2023 WMF World Cup

Tournament details
- Host country: United Arab Emirates
- Dates: 26 October–4 November
- Teams: 32 (from 4 confederations)
- Venue: 1 (in 1 host city)

Final positions
- Champions: Romania (1st title)
- Runners-up: Kazakhstan
- Third place: Hungary
- Fourth place: Azerbaijan

Tournament statistics
- Matches played: 64
- Goals scored: 313 (4.89 per match)
- Top scorer(s): Marius Gabriel Balogh (6 goals)
- Best player: Dragos Nitu
- Best goalkeeper: Alexandr Rushinas

= 2023 WMF World Cup =

Minifootball tournament

The 2023 WMF World Cup was the third edition of the WMF World Cup, the biennial world championship for national minifootball teams organized by the World Minifootball Federation (WMF). The tournament was contested in Ras Al Khaimah in the United Arab Emirates between 26 October and 4 November 2023. Mexico are the defending champions.

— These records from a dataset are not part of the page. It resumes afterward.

Lemma nonneg_invariant (R : realType) (I : finType) (u du : I -> R -> R) (t0 L : R) :
  0 <= L ->
  (forall k, 0 <= u k t0) ->
  (forall k, u k x @[x --> t0^'+] --> u k t0) ->
  (forall k t, t0 < t -> is_derive t 1 (u k) (du k t)) ->
  (forall k t e, t0 < t -> 0 < e <= 1 -> u k t = - e ->
     (forall l, - e <= u l t) -> - (L * e) <= du k t) ->
  forall k t, t0 <= t -> 0 <= u k t.
Proof.
move=> L0 u0 u_right u_der du_ge j t t0t; rewrite leNgt; apply/negP => ujt.
pose c := Num.min 1 (- u j t) / 2.
have c0 : 0 < c by rewrite divr_gt0 // lt_min ltr01 /=; lra.
have c1 : c <= 1 / 2 by rewrite ler_pM2r // ge_min lexx.
have c_lt : c < - u j t.
  have : Num.min 1 (- u j t) <= - u j t by rewrite ge_min lexx orbT.
  rewrite /c; lra.
pose w x := c / expR ((L + 1) * (t - t0)) * expR ((L + 1) * (x - t0)).
have w_gt0 x : 0 < w x by apply: mulr_gt0; [apply: divr_gt0 |]; rewrite ?expR_gt0.
have wt : w t = c by rewrite /w divfK // gt_eqF ?expR_gt0.
have w_le x : x <= t -> w x <= c.
  move=> xt; rewrite -wt /w ler_pM2l; last by apply: divr_gt0; rewrite ?expR_gt0.
  by rewrite ler_expR ler_pM2l; lra.
have w_der y : is_derive y (1 : R) w ((L + 1) * w y) by apply: is_derive_exp_growth.
suff : 0 < u j t + w t by rewrite wt; lra.
have t_in : t0 <= t <= t by rewrite t0t lexx.
apply: (positivity_invariant (g := fun k x => u k x + w x)
  (dg := fun k x => du k x + (L + 1) * w x) _ _ _ _ j t_in).
- by move=> k; have := u0 k; have := w_gt0 t0; lra.
- move=> k; apply: cvgD; first exact: u_right.
  by apply: cvg_at_right_filter; exact: is_derive_cvg (w_der t0).
- by move=> k x t0x; exact: is_deriveD (u_der k x t0x) (w_der x).
move=> k x /andP[t0x xt] ukx u_ge.
have w_in : 0 < w x <= 1 by rewrite w_gt0 /=; have := w_le x xt; lra.
have ukx' : u k x = - w x by lra.
have u_ge' l : - w x <= u l x by have := u_ge l; lra.
have := du_ge k x (w x) t0x w_in ukx' u_ge'; have := w_gt0 x; lra.
Qed.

Romania defeated Kazakhstan 12–11 by penalties after a 2–2 draw in the final, to win the title.

==Venue==
The United Arab Emirates was awarded the right to host the event on 10 June 2022. All the matches are played at the Ras Al Khaimah Minifoot Stadium in Ras Al Khaimah.

| Ras Al Khaimah |
|---|
| Ras Al Khaimah Minifoot Stadium |
| Capacity: 4,500 |
| Ras Al Khaimah |

== Teams ==

=== Participating nations ===

| Team | Finals appearance | First appearance | Last appearance | Previous best performance |
|---|---|---|---|---|
| Albania | 1st | None | None | Debut |
| Algeria | 1st | None | None | Debut |
| Azerbaijan | 1st | None | None | Debut |
| Bulgaria | 1st | None | None | Debut |
| Czech Republic | 4th | 2015 | 2019 | Champions (2017) |
| Egypt | 1st | None | None | Debut |
| England | 2nd | 2019 | 2019 | Group stage (2019) |
| France | 2nd | 2017 | 2017 | Quarter-finals (2017) |
| Georgia | 1st | None | None | Debut |
| Ghana | 2nd | 2019 | 2019 | Round of 16 (2019) |
| Guatemala | 3rd | 2017 | 2019 | Round of 16 (2019) |
| Hungary | 3rd | 2017 | 2019 | Fourth place (2019) |
| India | 4th | 2015 | 2019 | Group stage (2015, 2017, 2019) |
| Iraq | 3rd | 2017 | 2019 | Group stage (2017, 2019) |
| Ireland | 1st | None | None | Debut |
| Japan | 2nd | 2019 | 2019 | Group stage (2019) |
| Kazakhstan | 3rd | 2015 | 2017 | Round of 16 (2017) |
| Lebanon | 3rd | 2017 | 2019 | Group stage (2017, 2019) |
| Libya | 2nd | 2017 | 2017 | Round of 16 (2017) |
| Mexico (Holders) | 4th | 2015 | 2019 | Champions (2019) |
| Montenegro | 1st | None | None | Debut |
| Oman | 1st | None | None | Debut |
| Portugal | 3rd | 2017 | 2019 | Group stage (2017, 2019) |
| Romania | 4th | 2015 | 2019 | Third place (2015, 2019) |
| Serbia | 3rd | 2015 | 2019 | Round of 16 (2019) |
| Slovakia | 2nd | 2019 | 2019 | Quarter-finals (2019) |
| Spain | 2nd | 2017 | 2017 | Fourth place (2017) |
| Sudan | 1st | None | None | Debut |
| Thailand | 2nd | 2019 | 2019 | Group stage (2019) |
| Ukraine | 2nd | 2019 | 2019 | Quarter-finals (2019) |
| United Arab Emirates (Hosts) | 1st | None | None | Debut |
| United States | 4th | 2015 | 2019 | Champions (2015) |

=== Draw ===
Originally, the teams that were supposed to participate in the championship were Brazil, who were supposed to defend their silver medals from 2019; Lebanon and Tunisia, who withdrew because of the presence of Israel; and Israel, who did not travel to the venue due to the Gaza war.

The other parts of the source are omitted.